(Stored items)
........

(* Let $G$ be a connected graph. For any $s,t,p,q\in V(G)$, $$t(G)\,t(G_{pq,st})=t(G_{st})\,t(G_{pq})-\frac14\big[t(G_{ps})-t(G_{qs})-t(G_{pt})+t(G_{qt})\big]^2.$$ In particular, for any $s,p,q\in V(G)$, $$t(G)\,t(G_{pqs})=t(G_{ps})\,t(G_{pq})-\frac14\big[t(G_{ps})-t(G_{qs})+t(G_{pq})\big]^2.$$
   Context: Graphs are finite and may have multiple edges and loops; $t(H)$ is the number of spanning trees of $H$; a graph with one vertex has $t=1$. For vertices $x,y$ of a graph $H$, $H_{xy}$ is obtained by identifying $x$ and $y$, with the convention $t(H_{xx}):=0$. $G_{pq,st}$ is the graph obtained from $G_{pq}$ by identifying $s$ and $t$ (so $G_{pq,st}=(G_{pq})_{st}$), and $G_{pqs}$ is obtained from $G$ by identifying $p$, $q$ and $s$ into one vertex (i.e. $G_{pqs}=G_{pq,ps}$). *)

From mathcomp Require Import all_boot all_order all_algebra.
Set Implicit Arguments. Unset Strict Implicit. Unset Printing Implicit Defensive.

(* A finite multigraph (loops and parallel edges allowed) is given by an
   ambient finite type V, a vertex set A : {set V}, a finite edge type E and
   an endpoint map g : E -> V * V (orientation irrelevant). *)

Section Graphs.
Variables (V E : finType).

Definition adj (g : E -> V * V) (F : {set E}) : rel V :=
  [rel x y | [exists e in F, (g e == (x, y)) || (g e == (y, x))]].

Definition wf_graph (A : {set V}) (g : E -> V * V) : Prop :=
  forall e, (g e).1 \in A /\ (g e).2 \in A.

Definition connected_graph (A : {set V}) (g : E -> V * V) : Prop :=
  forall x y, x \in A -> y \in A -> connect (adj g setT) x y.

Definition spanning_connected (A : {set V}) (g : E -> V * V) (F : {set E}) : bool :=
  [forall x in A, forall y in A, connect (adj g F) x y].

(* F is acyclic: no edge of F lies on a cycle of F, i.e. the endpoints of
   each e in F are not connected in F \ {e} (a loop is a cycle). *)
Definition acyclic (g : E -> V * V) (F : {set E}) : bool :=
  [forall e in F, ~~ connect (adj g (F :\ e)) (g e).1 (g e).2].

Definition spanning_tree (A : {set V}) (g : E -> V * V) (F : {set E}) : bool :=
  spanning_connected A g F && acyclic g F.

Definition ntrees (A : {set V}) (g : E -> V * V) : nat :=
  #|[set F : {set E} | spanning_tree A g F]|.

Definition merge (x y : V) (v : V) : V := if v == y then x else v.

Definition merge_graph (x y : V) (g : E -> V * V) : E -> V * V :=
  fun e => (merge x y (g e).1, merge x y (g e).2).

(* t(H_xy), with the convention t(H_xx) = 0 *)
Definition t_id (A : {set V}) (g : E -> V * V) (x y : V) : nat :=
  if x == y then 0 else ntrees (A :\ y) (merge_graph x y g).

(* t(H_{pq,st}) = t((H_pq)_st), where s,t are taken as vertices of H_pq;
   with the convention t(H_xx) = 0 at each step. *)
Definition t_id2 (A : {set V}) (g : E -> V * V) (p q s t : V) : nat :=
  if p == q then 0
  else t_id (A :\ q) (merge_graph p q g) (merge p q s) (merge p q t).

End Graphs.

From Pilot Require Import Defs.
From mathcomp Require Import all_boot all_order all_algebra.
From Stdlib Require Import FunctionalExtensionality.
From mathcomp Require Import ring.
Import GRing.Theory Num.Theory.

Set Implicit Arguments. Unset Strict Implicit. Unset Printing Implicit Defensive.

(* By the matrix-tree theorem, t(G) = det M, where M is the Laplacian of G with
   the row and column of a root r deleted.  Adding an edge uv adds b b^T to M,
   where b = e_u - e_v (and e_r = 0), while the new spanning trees through uv are
   those of G_uv; the matrix determinant lemma thus gives t(G_uv) = t(G) R(u,v),
   with R(u,v) = b^T M^-1 b the effective resistance between u and v.  Adding
   both st and pq and using the rank-2 version of the lemma gives
   t(G_{pq,st}) = t(G) (R(p,q) R(s,t) - <b_pq, M^-1 b_st>^2), and polarization
   rewrites the cross term as (R(p,t) + R(q,s) - R(p,s) - R(q,t)) / 2.  The
   second identity is the case (s,t) := (p,s), as t(G_pp) = 0 and R is
   symmetric. *)

Lemma connect_ind (T : finType) (e : rel T) (P : T -> Prop) a :
  P a -> (forall v w, P v -> e v w -> P w) -> forall b, connect e a b -> P b.
Proof.
move=> Pa Pe b /connectP [p]; elim: p a Pa => [|c p IHp] a Pa /=; first by move=> _ ->.
by case/andP=> eac pc; apply: IHp (Pe _ _ Pa eac) pc.
Qed.

Lemma connect_homo (T T' : finType) (h : T -> T') (e : rel T) (e' : rel T') :
  (forall a b, e a b -> connect e' (h a) (h b)) ->
  forall a b, connect e a b -> connect e' (h a) (h b).
Proof. by move=> he a; apply: connect_ind => // v w Cv /he; apply: connect_trans. Qed.

Section Adjacency.
Variables (V E : finType) (g : E -> V * V).
Implicit Types (F : {set E}) (e f : E) (u v a b : V).

Definition joins e u v := (g e == (u, v)) || (g e == (v, u)).

Lemma adjP F u v : reflect (exists2 f, f \in F & joins f u v) (adj g F u v).
Proof. exact: exists_inP. Qed.

Lemma adj_sym F : symmetric (adj g F).
Proof. by move=> u v; apply/adjP/adjP => -[f fF H]; exists f; rewrite // /joins orbC. Qed.

Lemma connect_adjC F u v : connect (adj g F) u v = connect (adj g F) v u.
Proof. exact: (sym_connect_sym (adj_sym F)). Qed.

Lemma adj_edge F f : f \in F -> adj g F (g f).1 (g f).2.
Proof. by move=> fF; apply/adjP; exists f; rewrite // /joins -surjective_pairing eqxx. Qed.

........

| Task goal |
Output each line exactly, from the first line of the data down to the line that contains "Definition merge (x", both included.

| Written response |
(* Let $G$ be a connected graph. For any $s,t,p,q\in V(G)$, $$t(G)\,t(G_{pq,st})=t(G_{st})\,t(G_{pq})-\frac14\big[t(G_{ps})-t(G_{qs})-t(G_{pt})+t(G_{qt})\big]^2.$$ In particular, for any $s,p,q\in V(G)$, $$t(G)\,t(G_{pqs})=t(G_{ps})\,t(G_{pq})-\frac14\big[t(G_{ps})-t(G_{qs})+t(G_{pq})\big]^2.$$
   Context: Graphs are finite and may have multiple edges and loops; $t(H)$ is the number of spanning trees of $H$; a graph with one vertex has $t=1$. For vertices $x,y$ of a graph $H$, $H_{xy}$ is obtained by identifying $x$ and $y$, with the convention $t(H_{xx}):=0$. $G_{pq,st}$ is the graph obtained from $G_{pq}$ by identifying $s$ and $t$ (so $G_{pq,st}=(G_{pq})_{st}$), and $G_{pqs}$ is obtained from $G$ by identifying $p$, $q$ and $s$ into one vertex (i.e. $G_{pqs}=G_{pq,ps}$). *)

From mathcomp Require Import all_boot all_order all_algebra.
Set Implicit Arguments. Unset Strict Implicit. Unset Printing Implicit Defensive.

(* A finite multigraph (loops and parallel edges allowed) is given by an
   ambient finite type V, a vertex set A : {set V}, a finite edge type E and
   an endpoint map g : E -> V * V (orientation irrelevant). *)

Section Graphs.
Variables (V E : finType).

Definition adj (g : E -> V * V) (F : {set E}) : rel V :=
  [rel x y | [exists e in F, (g e == (x, y)) || (g e == (y, x))]].

Definition wf_graph (A : {set V}) (g : E -> V * V) : Prop :=
  forall e, (g e).1 \in A /\ (g e).2 \in A.

Definition connected_graph (A : {set V}) (g : E -> V * V) : Prop :=
  forall x y, x \in A -> y \in A -> connect (adj g setT) x y.

Definition spanning_connected (A : {set V}) (g : E -> V * V) (F : {set E}) : bool :=
  [forall x in A, forall y in A, connect (adj g F) x y].

(* F is acyclic: no edge of F lies on a cycle of F, i.e. the endpoints of
   each e in F are not connected in F \ {e} (a loop is a cycle). *)
Definition acyclic (g : E -> V * V) (F : {set E}) : bool :=
  [forall e in F, ~~ connect (adj g (F :\ e)) (g e).1 (g e).2].

Definition spanning_tree (A : {set V}) (g : E -> V * V) (F : {set E}) : bool :=
  spanning_connected A g F && acyclic g F.

Definition ntrees (A : {set V}) (g : E -> V * V) : nat :=
  #|[set F : {set E} | spanning_tree A g F]|.

Definition merge (x y : V) (v : V) : V := if v == y then x else v.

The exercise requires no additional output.